Expected result: for "I can't log in", keyword_search scores essentially everything at 0 (no word of four or more letters survives the filter) while semantic search nails it. For "API token", keyword search wins or ties: "token" is an exact term that appears literally in the right fragment (note that "API" itself gets dropped by the 4-letter rule — a real tokenizer would keep it). Conclusion: semantics dominates for natural user language; literal matching remains strong for exact terminology.

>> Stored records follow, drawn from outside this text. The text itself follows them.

(* Consider an $(n+2)$-dimensional ($n\ge1$) static spherically symmetric spacetime with line element $ds^2=-F(r)dt^2+G(r)dr^2+r^2d\ell^2_{S^n}$, solving Einstein's equations $G_{ab}+\Lambda g_{ab}=8\pi T_{ab}$ with energy-momentum tensor $T^b_a=\mathrm{diag}\{-\rho(r),p_r(r),p_\theta(r),\dots,p_\theta(r)\}$ satisfying the dominant energy condition $|p_r(r)|,|p_\theta(r)|\le\rho(r)<+\infty$. Suppose $0<F(r),G(r)<+\infty$ on an interval $(r_i^-,r_i^+)\subset(0,+\infty)$ with $F,F',G\in C^1((r_i^-,r_i^+))$. Then: (i) $F(r)G(r)$ is a nondecreasing function of $r$ on $(r_i^-,r_i^+)$, and hence bounded in a neighbourhood of $r_i^-$; (ii) in the outer region $(r_m^-,+\infty)$ of an asymptotically flat spacetime (i.e. $0<F,G<\infty$ on $(r_m^-,+\infty)$ and $\lim_{r\to+\infty}F(r)=\lim_{r\to+\infty}G(r)=1$), $F(r)G(r)$ is bounded.
   Context: $d\ell^2_{S^n}$ is the round metric on the unit sphere $S^n$, $G_{ab}$ the Einstein tensor of the metric, $\Lambda$ the cosmological constant. *)

From Stdlib Require Import Reals Lra.
From Coquelicot Require Import Coquelicot.
Open Scope R_scope.

(* Metric  ds^2 = -F(r) dt^2 + G(r) dr^2 + r^2 dl^2_{S^n}  in dimension n+2.
   Mixed components G^a_b of its Einstein tensor (t-t, r-r, and any angular
   diagonal component; all off-diagonal components vanish), written out in
   terms of F, G and their r-derivatives. *)

Definition Einstein_tt (n : nat) (F G : R -> R) (r : R) : R :=
  - (INR n * (INR n - 1)) / (2 * r ^ 2) * (1 - / G r)
  - INR n * Derive G r / (2 * r * (G r) ^ 2).

Definition Einstein_rr (n : nat) (F G : R -> R) (r : R) : R :=
  INR n / (2 * r ^ 2) *
    (r * Derive F r / (F r * G r) - (INR n - 1) * (1 - / G r)).

Definition Einstein_thth (n : nat) (F G : R -> R) (r : R) : R :=
  / G r *
    ( Derive (Derive F) r / (2 * F r)
      - (Derive F r) ^ 2 / (4 * (F r) ^ 2)
      - Derive F r * Derive G r / (4 * F r * G r)
      + (INR n - 1) / r * (Derive F r / (2 * F r) - Derive G r / (2 * G r)) )
  - (INR n - 1) * (INR n - 2) / (2 * r ^ 2) * (1 - / G r).

(* On the (open) set I of radii:  0 < F, G < +oo,  F, F', G are C^1,
   Einstein's equations  G^a_b + Lambda delta^a_b = 8 pi T^a_b  with
   T^a_b = diag(-rho, p_r, p_th, ..., p_th), and the dominant energy
   condition |p_r|, |p_th| <= rho (rho real-valued, hence < +oo). *)
Definition static_solution (n : nat) (Lambda : R) (F G rho pr pth : R -> R)
  (I : R -> Prop) : Prop :=
  forall r, I r ->
    0 < F r /\ 0 < G r /\
    ex_derive F r /\ ex_derive (Derive F) r /\ continuous (Derive (Derive F)) r /\
    ex_derive G r /\ continuous (Derive G) r /\
    Einstein_tt n F G r + Lambda = 8 * PI * (- rho r) /\
    Einstein_rr n F G r + Lambda = 8 * PI * pr r /\
    Einstein_thth n F G r + Lambda = 8 * PI * pth r /\
    Rabs (pr r) <= rho r /\ Rabs (pth r) <= rho r.

(* Along a static solution, the combination G^r_r - G^t_t of the Einstein
   tensor equals n (F G)' / (2 r F G^2), while Einstein's equations turn it
   into 8 pi (p_r + rho), which is nonnegative under the dominant energy
   condition.  Hence F G is nondecreasing, so it is bounded near the inner
   end of any regular interval by its value at an interior point, and on an
   asymptotically flat outer region by its limit 1 at infinity. *)

From Stdlib Require Import Reals Lra.
From Coquelicot Require Import Coquelicot.
Open Scope R_scope.

Lemma Derive_mult_Einstein n F G r :
  INR n <> 0 -> r <> 0 -> F r <> 0 -> G r <> 0 ->
  Derive F r * G r + F r * Derive G r =
  2 * r * F r * G r ^ 2 / INR n * (Einstein_rr n F G r - Einstein_tt n F G r).
Proof.
  intros n0 r0 F0 G0.
  unfold Einstein_rr, Einstein_tt; field; auto.
Qed.

Lemma static_solution_Derive_mult_ge0 n Lambda F G rho pr pth (I : R -> Prop) r :
  (1 <= n)%nat -> static_solution n Lambda F G rho pr pth I -> I r -> 0 < r ->
  0 <= Derive F r * G r + F r * Derive G r.
Proof.
  intros Hn Hsol Ir r_pos.
  destruct (Hsol r Ir) as (F_pos & G_pos & _ & _ & _ & _ & _ & Ett & Err & _ & Hpr & _).
  assert (n_ge1 : 1 <= INR n) by (apply (le_INR 1); auto).
  assert (null_energy : 0 <= 8 * PI * (pr r + rho r)).
  { apply Rabs_le_between in Hpr; pose proof PI_RGT_0; nra. }
  rewrite (Derive_mult_Einstein n) by lra.
  replace (Einstein_rr n F G r - Einstein_tt n F G r) with (8 * PI * (pr r + rho r))
    by lra.
  apply Rmult_le_pos; auto.
  assert (0 < 2 * r * F r * G r ^ 2) by (apply Rmult_lt_0_compat; [nra | apply pow_lt; lra]).
  apply Rmult_le_pos; [lra | apply Rlt_le, Rinv_0_lt_compat; lra].
Qed.

Lemma le_of_is_derive_ge0 (f df : R -> R) a b :
  a <= b -> (forall x, a <= x <= b -> is_derive f x (df x) /\ 0 <= df x) ->
  f a <= f b.
Proof.
  intros ab Hdf.
  pose proof (MVT_gen f a b df) as mvt; cbv zeta in mvt.
  rewrite Rmin_left, Rmax_right in mvt by lra.
  destruct mvt as (c & Hc & mvt).
  - intros x Hx; apply Hdf; lra.
  - intros x Hx; apply continuity_pt_filterlim, (ex_derive_continuous f).
    exists (df x); apply Hdf; lra.
  - pose proof (proj2 (Hdf c Hc)); nra.
Qed.

Lemma static_solution_mult_nondecreasing n Lambda F G rho pr pth (I : R -> Prop) r1 r2 :
  (1 <= n)%nat -> static_solution n Lambda F G rho pr pth I ->
  0 < r1 -> r1 <= r2 -> (forall x, r1 <= x <= r2 -> I x) ->
  F r1 * G r1 <= F r2 * G r2.
Proof.
  intros Hn Hsol r1_pos r12 HI.
  apply (le_of_is_derive_ge0 (fun x => F x * G x)
    (fun x => Derive F x * G x + F x * Derive G x)); auto.
  intros x Hx; destruct (Hsol x (HI x Hx)) as (_ & _ & dF & _ & _ & dG & _).
  split.
  - apply (is_derive_mult F G); try apply Derive_correct; auto.
    intros; apply Rmult_comm.
  - apply (static_solution_Derive_mult_ge0 n Lambda F G rho pr pth I); auto; lra.
Qed.

Lemma nondecreasing_le_lim (f : R -> R) a (l : R) :
  (forall x y, a < x -> x <= y -> f x <= f y) -> is_lim f p_infty l ->
  forall x, a < x -> f x <= l.
Proof.
  intros f_mono f_lim x ax.
  apply (is_lim_le_loc (fun _ => f x) f p_infty (f x) l); auto using is_lim_const.
  exists x; intros y xy; apply f_mono; lra.
Qed.

Theorem lemma5p1 (n : nat) (Lambda : R) (F G rho pr pth : R -> R) :
  (1 <= n)%nat ->
  (* (i) on any interval (rm, rp) in (0, +oo), rp possibly +oo *)
  (forall (rm : R) (rp : Rbar), 0 <= rm -> Rbar_lt rm rp ->
     static_solution n Lambda F G rho pr pth (fun r => rm < r /\ Rbar_lt r rp) ->
     (forall r1 r2, rm < r1 -> r1 <= r2 -> Rbar_lt r2 rp ->
        F r1 * G r1 <= F r2 * G r2) /\
     (exists delta M, 0 < delta /\
        forall r, rm < r -> r < rm + delta -> Rbar_lt r rp ->
          Rabs (F r * G r) <= M)) /\
  (* (ii) outer region of an asymptotically flat spacetime *)
  (forall rm : R, 0 <= rm ->
     static_solution n Lambda F G rho pr pth (fun r => rm < r) ->
     is_lim F p_infty 1 -> is_lim G p_infty 1 ->
     exists M, forall r, rm < r -> Rabs (F r * G r) <= M).
Proof.
  intros Hn; split.
  - intros rm rp rm_ge0 rm_rp Hsol.
    assert (FG_mono : forall r1 r2, rm < r1 -> r1 <= r2 -> Rbar_lt r2 rp ->
        F r1 * G r1 <= F r2 * G r2).
    { intros r1 r2 rm1 r12 r2p.
      apply (static_solution_mult_nondecreasing n Lambda F G rho pr pth _ r1 r2 Hn Hsol);
        try lra.
      intros x Hx; split; [lra | apply (Rbar_le_lt_trans _ r2); simpl; auto; lra]. }
    split; auto.
    assert (interior : exists r0, rm < r0 /\ Rbar_lt r0 rp).
    { destruct rp as [p | |]; simpl in *; try contradiction.
      - exists ((rm + p) / 2); lra.
      - exists (rm + 1); split; auto; lra. }
    destruct interior as (r0 & rm_r0 & r0_rp).
    exists (r0 - rm), (F r0 * G r0); split; [lra |].
    intros r rm_r r_r0 r_rp.
    destruct (Hsol r (conj rm_r r_rp)) as (F_pos & G_pos & _).
    rewrite Rabs_pos_eq by nra; apply FG_mono; auto; lra.
  - intros rm rm_ge0 Hsol F_lim G_lim.
    exists 1; intros r rm_r.
    destruct (Hsol r rm_r) as (F_pos & G_pos & _).
    rewrite Rabs_pos_eq by nra.
    apply (nondecreasing_le_lim (fun x => F x * G x) rm); auto.
    + intros r1 r2 rm1 r12.
      apply (static_solution_mult_nondecreasing n Lambda F G rho pr pth _ r1 r2 Hn Hsol);
        try lra.
      intros x Hx; lra.
    + replace (Finite 1) with (Rbar_mult 1 1) by (simpl; f_equal; ring).
      apply is_lim_mult; simpl; auto.
Qed.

  1. Typical results (yours will vary by model):
Test question Typical sim. 0.80 0.90 0.95
(a) "I forgot my password, what do I do?" ~0.88 ✅ hit ❌ miss ❌ miss
(b) "How do I change my password?" ~0.93 ✅ hit ✅ hit ❌ miss
(c) "How do I invite a user?" ~0.55 ✅ correct (miss) ✅ correct (miss) ✅ correct (miss)

At 0.95 the cache barely saves anything; at 0.80 it hits more often but the safety margin against "similar questions with different answers" pairs shrinks. 0.90 is usually the reasonable starting compromise — and the final figure must come from measuring against the evaluation dataset, not from this exercise.

Conclusion

Today embeddings stopped being a metaphor from 01-02 and became three functions that fit on one screen: embed() turns text into coordinates of meaning, cosine_similarity() measures the angle between two of those coordinates, and search() finds the top-k fragments of Nubelia's documentation closest to any question — including "I can't log in", which shares not one word with the answer it needs. We saw why this beats keyword search (and when it doesn't), which criteria matter when choosing an embeddings model (independent of the LLM, with vectors incompatible across models), and we collected the bonus promised in 03-04: SemanticCache, which recognizes equivalent questions by meaning with a carefully calibrated threshold. But our search has two embarrassments we swept under the rug: it compares the question against all the vectors on every query, and those vectors live in a Python list that vanishes when the process restarts — with hundreds of pages of real documentation, neither is acceptable. Solving both is the job of vector databases, and that is exactly what we build in the next lesson (04-02).